▶ _RECORDS FOR THIS TASK_
··········

(* Let $G$ be a group and $\mathcal{P}$ a poset, under inclusion, of subgroups of $G$ such that $1\in\mathcal{P}$ and the inclusions $\{U\hookrightarrow G\}_{U\in\mathcal{P}}$ form a colimit cone, i.e. $G\cong\operatorname{colim}_{U\in\mathcal{P}}U$. Let $H\colon\mathcal{P}\to\mathrm{Ab}$ be the functor with $H(U)=\{\sum_{g\in G}n_g g\in\mathbb{Z}[G]\mid \sum_{u\in U}n_{ug}=0\text{ for all }g\in G\}$ and sending inclusions of subgroups to inclusions. Let $U\in\mathcal{P}$ and suppose that for every finite subset $J\subset\mathcal{P}_{\le U}$, setting $M=\max J$, the subgroup $\langle V\mid V\in M\rangle$ is the free product of the subgroups $\{V\}_{V\in M}$ with amalgamated subgroup $\bigcap_{V\in M}V$, and $\bigcap_{V\in M}V\in\mathcal{P}$. Then $H$ is pseudo-projective at $U$.
   Context: $\mathcal{P}_{\le U}=\{V\in\mathcal{P}:V\le U\}$; $\max J$ is the set of maximal elements of $J$. For $V\le W$ in $\mathcal{P}$, $H(V<W)$ is the inclusion $H(V)\subseteq H(W)$, and $\operatorname{Im}_H(V)=\sum_{W<V}\operatorname{Im}H(W<V)$. $H$ is pseudo-projective at $U$ if for every finite $J\subset\mathcal{P}_{\le U}$ and every $\oplus_{V\in J}x_V\in\bigoplus_{V\in J}H(V)$ with $\sum_{V\in J}H(V<U)(x_V)=0$, one has $x_V\in\operatorname{Im}_H(V)$ for all $V\in\max J$. *)

From HB Require Import structures.
From mathcomp Require Import ssreflect ssrfun ssrbool eqtype ssrnat seq choice.
From mathcomp Require Import fintype bigop monoid ssralg ssrint.
From mathcomp Require Import boolp classical_sets functions cardinality fsbigop.

Set Implicit Arguments.
Unset Strict Implicit.
Unset Printing Implicit Defensive.

Local Open Scope classical_set_scope.

Section Defs.
Variable G : groupType.

Definition is_subgroup (U : set G) : Prop :=
  U 1%g /\ (forall x y, U x -> U y -> U (x * y^-1)%g).

Definition gen_subgroup (S : set G) : set G :=
  [set x | forall K : set G, is_subgroup K -> S `<=` K -> K x].

Definition hom_on (X : groupType) (U : set G) (f : G -> X) : Prop :=
  forall a b, U a -> U b -> f (a * b)%g = (f a * f b)%g.

Definition colimit_cone (P : set (set G)) : Prop :=
  forall (X : groupType) (f : set G -> G -> X),
    (forall U, P U -> hom_on U (f U)) ->
    (forall V W, P V -> P W -> V `<=` W -> forall v, V v -> f W v = f V v) ->
    exists! F : G -> X, hom_on setT F /\
      (forall U, P U -> forall u, U u -> F u = f U u).

(* K (with the inclusions V -> K, V in M) is the free product of the
   subgroups V in M with amalgamated subgroup A (A contained in each V):
   the universal property of the colimit of the diagram {A -> V}_{V in M}. *)
Definition is_amalgamated_product (K : set G) (M : set (set G)) (A : set G) : Prop :=
  forall (X : groupType) (f : set G -> G -> X),
    (forall V, M V -> hom_on V (f V)) ->
    (forall V W a, M V -> M W -> A a -> f V a = f W a) ->
    exists F : G -> X, hom_on K F /\
      (forall V, M V -> forall v, V v -> F v = f V v) /\
      (forall F' : G -> X, hom_on K F' ->
         (forall V, M V -> forall v, V v -> F' v = f V v) ->
         forall k, K k -> F' k = F k).

Definition below (P : set (set G)) (U : set G) : set (set G) :=
  [set V | P V /\ V `<=` U].

Definition maximals (J : set (set G)) : set (set G) :=
  [set V | J V /\ (forall W, J W -> V `<=` W -> W = V)].

(* Elements of Z[G] are finitely supported functions G -> int (g |-> n_g). *)
Definition ZG : set (G -> int) := [set x | finite_set [set g | x g != 0%R]].

Definition Hmod (U : set G) : set (G -> int) :=
  [set x | ZG x /\ forall g, (\sum_(u \in U) x (u * g)%g)%R = 0%R].

(* Im_H(V) = sum_{W < V, W in P} Im H(W < V)  (H(W < V) is the inclusion);
   the sum of subgroups is the set of finite sums of their elements. *)
Definition ImH (P : set (set G)) (V : set G) : set (G -> int) :=
  [set y | exists (n : nat) (W : 'I_n -> set G) (z : 'I_n -> G -> int),
     (forall k, P (W k) /\ W k `<` V /\ Hmod (W k) (z k)) /\
     (forall g, y g = (\sum_(k < n) z k g)%R)].

Definition pseudo_projective (P : set (set G)) (U : set G) : Prop :=
  forall (J : set (set G)) (x : set G -> G -> int),
    finite_set J -> J `<=` below P U ->
    (forall V, J V -> Hmod V (x V)) ->
    (forall g, (\sum_(V \in J) x V g)%R = 0%R) ->
    forall V, maximals J V -> ImH P V (x V).

End Defs.

(* Fix a maximal [V0] of [J] and let [A] be the intersection of the maximal
   elements of [J].  Then [x V0 = y - \sum_(W in J, W < V0) x W] with
   [y := \sum_(W in J, W <= V0) x W], so it suffices to show that [y] lies in
   [H(A)] (if [A = V0] then every [W] in [J] lies below [V0] and [y = 0]).
   Mapping each maximal [V] to [int^G ⋊ G] by [v |-> (c v, v)], where [c] is the
   coboundary of the indicator [1_A] on [V0] and trivial on the other maximal
   elements, the amalgamated product yields a potential [h : G -> int] that is
   left [V]-invariant for every maximal [V <> V0] and such that [h - 1_A] is left
   [V0]-invariant.  As an element of [H(W)] pairs to zero with every left
   [W]-invariant function, [<y, 1_A> = \sum_(W in J) <x W, h> = <0, h> = 0], i.e.
   [y] sums to zero over [A]; translating [x] gives the same over each [A g]. *)

From HB Require Import structures.
From mathcomp Require Import ssreflect ssrfun ssrbool eqtype ssrnat seq choice.
From mathcomp Require Import fintype bigop monoid ssralg ssrint finmap.
From mathcomp Require Import boolp classical_sets functions cardinality fsbigop.
From mathcomp Require Import numfun.

Set Implicit Arguments.
Unset Strict Implicit.
Unset Printing Implicit Defensive.
Import GRing.Theory.
Local Open Scope classical_set_scope.

Section Subgroups.
Variable G : groupType.
Implicit Types (V : set G) (u x y : G).

Lemma subgroup1 V : is_subgroup V -> V 1%g.
Proof. by case. Qed.

Lemma subgroupV V x : is_subgroup V -> V x -> V x^-1%g.
Proof. by move=> [V1 VM] Vx; have := VM 1%g x V1 Vx; rewrite mul1g. Qed.

Lemma subgroupM V x y : is_subgroup V -> V x -> V y -> V (x * y)%g.
Proof. by move=> sV Vx Vy; have := sV.2 x y^-1%g Vx (subgroupV sV Vy); rewrite invgK. Qed.

Lemma subgroupMl V u x : is_subgroup V -> V u -> V (u * x)%g = V x.
Proof.
move=> sV Vu; apply: propext; split; last exact: subgroupM.
by move=> /(subgroupM sV (subgroupV sV Vu)); rewrite mulKg.
Qed.

Lemma subgroup_gen_subgroup (S : set G) : is_subgroup (gen_subgroup S).
Proof.
split=> [K [] //|x y Sx Sy K sK SK].
by apply: sK.2; [apply: Sx | apply: Sy].
Qed.

Lemma sub_gen_subgroup (S : set G) : S `<=` gen_subgroup S.
Proof. by move=> x Sx K _; apply. Qed.

Lemma subgroup_bigcap (M : set (set G)) :
  (forall V, M V -> is_subgroup V) -> is_subgroup (\bigcap_(V in M) V).
Proof.
move=> sM; split=> [V /sM/subgroup1 //|x y Ax Ay V MV].
by apply: (sM V MV).2; [apply: Ax | apply: Ay].
Qed.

··········

Show me each line of the listing above with "exists" in it.

    exists! F : G -> X, hom_on setT F /\
    exists F : G -> X, hom_on K F /\
  [set y | exists (n : nat) (W : 'I_n -> set G) (z : 'I_n -> G -> int),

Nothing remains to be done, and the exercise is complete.